= Stefan Wouters =

Belgian visual artist

Stefan Wouters (born 1972) is a Belgian visual artist, curator and researcher of Happenings and Performance art. Wouters was born in Antwerp. While working in the family business of his parents, he studied painting and drawing at the Royal Academy of Fine Arts in Antwerp (DKO). He soon started to exhibit his paintings and the work of his fellow students in and around Antwerp.

Inspired by the art history classes he attended at the Royal Academy of Fine Arts, Wouters decided to study Art History and Archaeology at the Free University of Brussels (VUB). During these studies he worked as a translator and a writer for the communication department of the Centre for Fine Arts, Brussels.

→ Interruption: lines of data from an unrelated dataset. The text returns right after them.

Lemma sadd_assoc F (a b c : scal F) : sadd a (sadd b c) = sadd (sadd a b) c.
Proof. destruct F; simpl; [ring|]. unfold Cadd; simpl; f_equal; ring. Qed.

Lemma sadd_neg F (a : scal F) : sadd a (sneg F a) = szero F.
Proof. destruct F; simpl; [ring|]. unfold Cmul, Cadd; simpl; f_equal; ring. Qed.

Lemma sneg_emb F r : sneg F (emb F r) = emb F (- r).
Proof. unfold sneg. rewrite <- emb_mul. f_equal; ring. Qed.

Lemma sadd_self_zero F (z : scal F) : sadd z z = z -> z = szero F.
Proof.
  destruct F; simpl; intro H; [lra|]. destruct z; unfold Cadd in H; simpl in H.
  injection H; intros; f_equal; lra.
Qed.

Lemma smul_inv F (z : scal F) : z <> szero F -> smul z (sinv F z) = sone F.
Proof.
  destruct F; simpl; intro H.
  - field; auto.
  - destruct z as [a b]; simpl in *. unfold Cmul; simpl.
    assert (a * a + b * b <> 0).
    { intro E. apply H. f_equal; nra. }
    f_equal; field; auto.
Qed.

Lemma ssub_FC (z w : Cplx) : ssub FC z w = mkC (cre z - cre w) (cim z - cim w).
Proof. apply Cplx_eq; simpl; ring. Qed.

Definition scauchy F (c : nat -> scal F) : Prop :=
  forall eps, 0 < eps -> exists N, forall m n, (N <= m)%nat -> (N <= n)%nat ->
    sabs (ssub F (c m) (c n)) < eps.

Definition sconv F (c : nat -> scal F) (l : scal F) : Prop :=
  forall eps, 0 < eps -> exists N, forall n, (N <= n)%nat -> sabs (ssub F (c n) l) < eps.

Lemma R_cauchy_conv (u : nat -> R) :
  (forall eps, 0 < eps -> exists N, forall m n, (N <= m)%nat -> (N <= n)%nat ->
     Rabs (u m - u n) < eps) ->
  exists l, forall eps, 0 < eps -> exists N, forall n, (N <= n)%nat -> Rabs (u n - l) < eps.
Proof.
  intro H. destruct (R_complete u) as [l Hl].
  { intros eps He. destruct (H eps He) as [N HN]. exists N. intros n m Hn Hm.
    unfold R_dist. apply HN; lia. }
  exists l. intros eps He. destruct (Hl eps He) as [N HN]. exists N. intros n Hn.
  apply HN. lia.
Qed.

Lemma inv_small (eps : R) : 0 < eps -> exists N, forall n, (N <= n)%nat -> / (INR n + 1) < eps.
Proof.
  intro He. destruct (archimed_cor1 eps He) as [N [HN HN0]].
  exists N. intros n Hn. apply le_INR in Hn. apply lt_INR in HN0. simpl in HN0.
  eapply Rle_lt_trans; [|exact HN]. apply Rinv_le_contravar; lra.
Qed.
Lemma derive_omega1_u x : 0 < x ->
  derivable_pt_lim (fun y => omega1_u N (u_of N c y)) x
    ((omega_combo_u N (u_of N c x) - omega1_u N (u_of N c x)) / (2 * x)).
Proof.
intros Hx; apply is_derive_Reals; unfold omega1_u, omega_combo_u, omega_combo_poly, u_of.
auto_derive; in_terms_of_u x; solve_in_u.
Qed.

Lemma alpha_in_u n x : INR n = N -> 0 < x ->
  alpha n c x = N * c + N / (2 * (N - 1)) * x - (N - 2) / (2 * (N - 1)) * (x * u_of N c x).
Proof. intros Hn Hx; unfold alpha; rewrite Hn, sqrt_quad_u_of by exact Hx; reflexivity. Qed.

Lemma derive_alpha n x : INR n = N -> 0 < x ->
  derivable_pt_lim (alpha n c) x (alpha1_u N (u_of N c x)).
Proof.
intros Hn Hx.
apply (derivable_pt_lim_ext_gt 0 (fun y => N * c + N / (2 * (N - 1)) * y
  - (N - 2) / (2 * (N - 1)) * (y * u_of N c y))); [exact Hx| |].
- intros y Hy; symmetry; apply alpha_in_u; assumption.
- apply is_derive_Reals; unfold alpha1_u, u_of.
  auto_derive; in_terms_of_u x; solve_in_u.
Qed.

Lemma omega_formula_in_u n x : INR n = N -> 0 < x ->
  omega_formula n c x = omega_u N c (u_of N c x).
Proof.
intros Hn Hx; unfold omega_formula; rewrite Hn, sqrt_quad_u_of by exact Hx.
fold (u_of N c x); in_terms_of_u x.
unfold omega_u; solve_in_u.
Qed.

Lemma omega_defect_in_u x : 0 < x ->
  omega_u N c (u_of N c x) - x * omega1_u N (u_of N c x) = omega_defect_u N c (u_of N c x).
Proof.
intros Hx; in_terms_of_u x.
unfold omega_u, omega1_u, omega_defect_u; solve_in_u.
Qed.

Lemma omega_equation_in_u n x : INR n = N -> 0 < x ->
  (alpha n c x + N * c) * x * (omega1_u N (u_of N c x) / omega_u N c (u_of N c x))
  = 2 * alpha n c x - x * alpha1_u N (u_of N c x) - 3 * N * c.
Proof.
intros Hn Hx; rewrite alpha_in_u by assumption; in_terms_of_u x.
unfold omega_u, omega1_u, alpha1_u; solve_in_u.
Qed.

(* In [t = u - 1 > 0] and [s = N - 3 >= 0] every coefficient is nonnegative,
   except for the block [8 - 8 ts + 42 (ts)^2], a positive definite quadratic in [ts]. *)
Lemma omega_combo_poly_pos u : 1 < u -> 0 < omega_combo_poly N u.
Proof.
intros Hu; set (t := u - 1); set (s := N - 3).
assert (Ht : 0 < t) by (unfold t; lra); assert (Hs : 0 <= s) by (unfold s; lra).
assert (Hq : 0 < 8 - 8 * (t * s) + 42 * (t * s) ^ 2) by nra.
set (q := 8 - 8 * (t * s) + 42 * (t * s) ^ 2) in Hq.
replace (omega_combo_poly N u) with
  (q + 16 * t + 158 * t ^ 2 + 140 * t ^ 2 * s
   + 354 * t ^ 3 + 320 * t ^ 3 * s + 78 * t ^ 3 * s ^ 2 + 309 * t ^ 4 + 254 * t ^ 4 * s
   + 53 * t ^ 4 * s ^ 2 + 120 * t ^ 5 + 88 * t ^ 5 * s + 16 * t ^ 5 * s ^ 2 + 18 * t ^ 6
   + 12 * t ^ 6 * s + 2 * t ^ 6 * s ^ 2) by (unfold q, omega_combo_poly, t, s; ring).
clearbody q.
repeat (apply Rplus_lt_le_0_compat; [|repeat apply Rmult_le_pos; try apply pow_le; lra]).
exact Hq.
Qed.

Lemma omega_combo_u_pos u : 1 < u -> 0 < omega_combo_u N u.
Proof.
intros Hu; unfold omega_combo_u.
pose proof (omega_combo_poly_pos u Hu).
apply Rdiv_lt_0_compat; [apply Rmult_lt_0_compat; [apply pow_lt; nra|lra]|].
apply Rmult_lt_0_compat; [apply Rmult_lt_0_compat; [lra|apply pow_lt; lra]|apply pow_lt; lra].
Qed.

Lemma omega_combo_u_1 : omega_combo_u N 1 = / (N - 1) ^ 2.
Proof. unfold omega_combo_u, omega_combo_poly; field; lra. Qed.

Lemma omega_combo_u_continuous_1 : continuity_pt (omega_combo_u N) 1.
Proof.
apply derivable_continuous_pt, ex_derive_Reals_0.
unfold omega_combo_u, omega_combo_poly; auto_derive.
repeat apply Rmult_integral_contrapositive_currified; lra.
Qed.

Lemma omega_defect_u_bounded u0 :
  exists K, forall u, 1 <= u <= u0 -> Rabs (omega_defect_u N c u) <= K.
Proof.
destruct (Rle_dec 1 u0) as [H1u0|H1u0]; [|exists 0; intros u Hu; lra].
destruct (continuity_ab_maj (fun u => Rabs (omega_defect_u N c u)) 1 u0 H1u0)
  as [umax [Hmax _]]; [|now exists (Rabs (omega_defect_u N c umax))].
intros u Hu; apply (continuity_pt_comp (omega_defect_u N c) Rabs); [|apply Rcontinuity_abs].
apply derivable_continuous_pt, ex_derive_Reals_0.
unfold omega_defect_u; auto_derive.
repeat apply Rmult_integral_contrapositive_currified; lra.
Qed.

Lemma lim_infty_comp_u_of F :
  continuity_pt F 1 -> lim_infty (fun x => F (u_of N c x)) (F 1).
Proof.
intros HF eps Heps.
destruct (HF eps Heps) as [d [Hd Hclose]].
set (k := 4 * (N - 1) * c); assert (Hk : 0 < k) by (unfold k; nra).
exists (k / d + 1); intros x Hx.
assert (Hkd : 0 < k / d) by (apply Rdiv_lt_0_compat; lra).
pose proof (u_of_gt1 x ltac:(lra)) as Hu; pose proof (u_of_sqr x ltac:(lra)) as Hsq.
fold k in Hsq.
assert (Hkx : k / x < d).
{ apply (Rmult_lt_reg_r x); [lra|]; replace (k / x * x) with k by (field; lra).
  replace k with (d * (k / d)) at 1 by (field; lra); apply Rmult_lt_compat_l; lra. }
apply (Hclose (u_of N c x)); split; [split; [exact I|lra]|].
simpl; unfold R_dist; rewrite Rabs_pos_eq by lra; nra.
Qed.

End Reparametrization.

Lemma gamma_eq_alpha n c x : x0 n c <= x -> gamma n c x = alpha n c x.
Proof. intros Hx; unfold gamma; destruct (Rle_dec (x0 n c) x); [reflexivity|lra]. Qed.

His interest increasingly shifted towards time-based art forms and decided to write a Ph.D. exploring the relation between Happenings and subcultures during the 1960s.

In order to finance his studies he collaborated for the online database Belgium is Happening and participated as a performance artist in the international performance group Virtual Vérité, led by Los Angeles–based artist Harry Gamboa, Jr. These events also marked the beginnings of the Belgium Performance Festival in which Wouters was assigned as a curator.

In 2015 he received a double Ph.D in Art History and Archaeology (Free University of Brussels) and in Theater Sciences (University of Antwerp) for his research on the Belgian Happening scene of the mid-1960s. The same year he was asked to give a lecture on the afterlife of Dada during the 56th edition of the Venice Biennale.

Currently Wouters is a researcher and professor at the Free University of Brussels.

==Performances (selection)==

- The Cranes of Antwerp, 2012.
- Continental Drift, Bruges 2012.
- Floating in Flanders, Antwerp 2012.
- Day Two in Three Parts, Royal Academy of Fine Arts, Antwerp 2012.
- The Human Loom, Royal Academy of Fine Arts, Antwerp 2013.
- A Tribute to the Happy Space Maker, Museum of Modern Art, Antwerp 2013.
- Untunnel, Antwerp 2013.
- Calibre Libre, Antwerp 2013.
- Mexican Bridge Performance, Antwerp 2014.
- Brussels Underground Poetry Festival, Brussels 2014, 2015.
- Better Start with the Dessert, Antwerp 2014.
- Was het maar zo Makkelijk, Rotterdam 2016.
- Megaphone Ensemble, Fête de la Musique, Brussels 2016.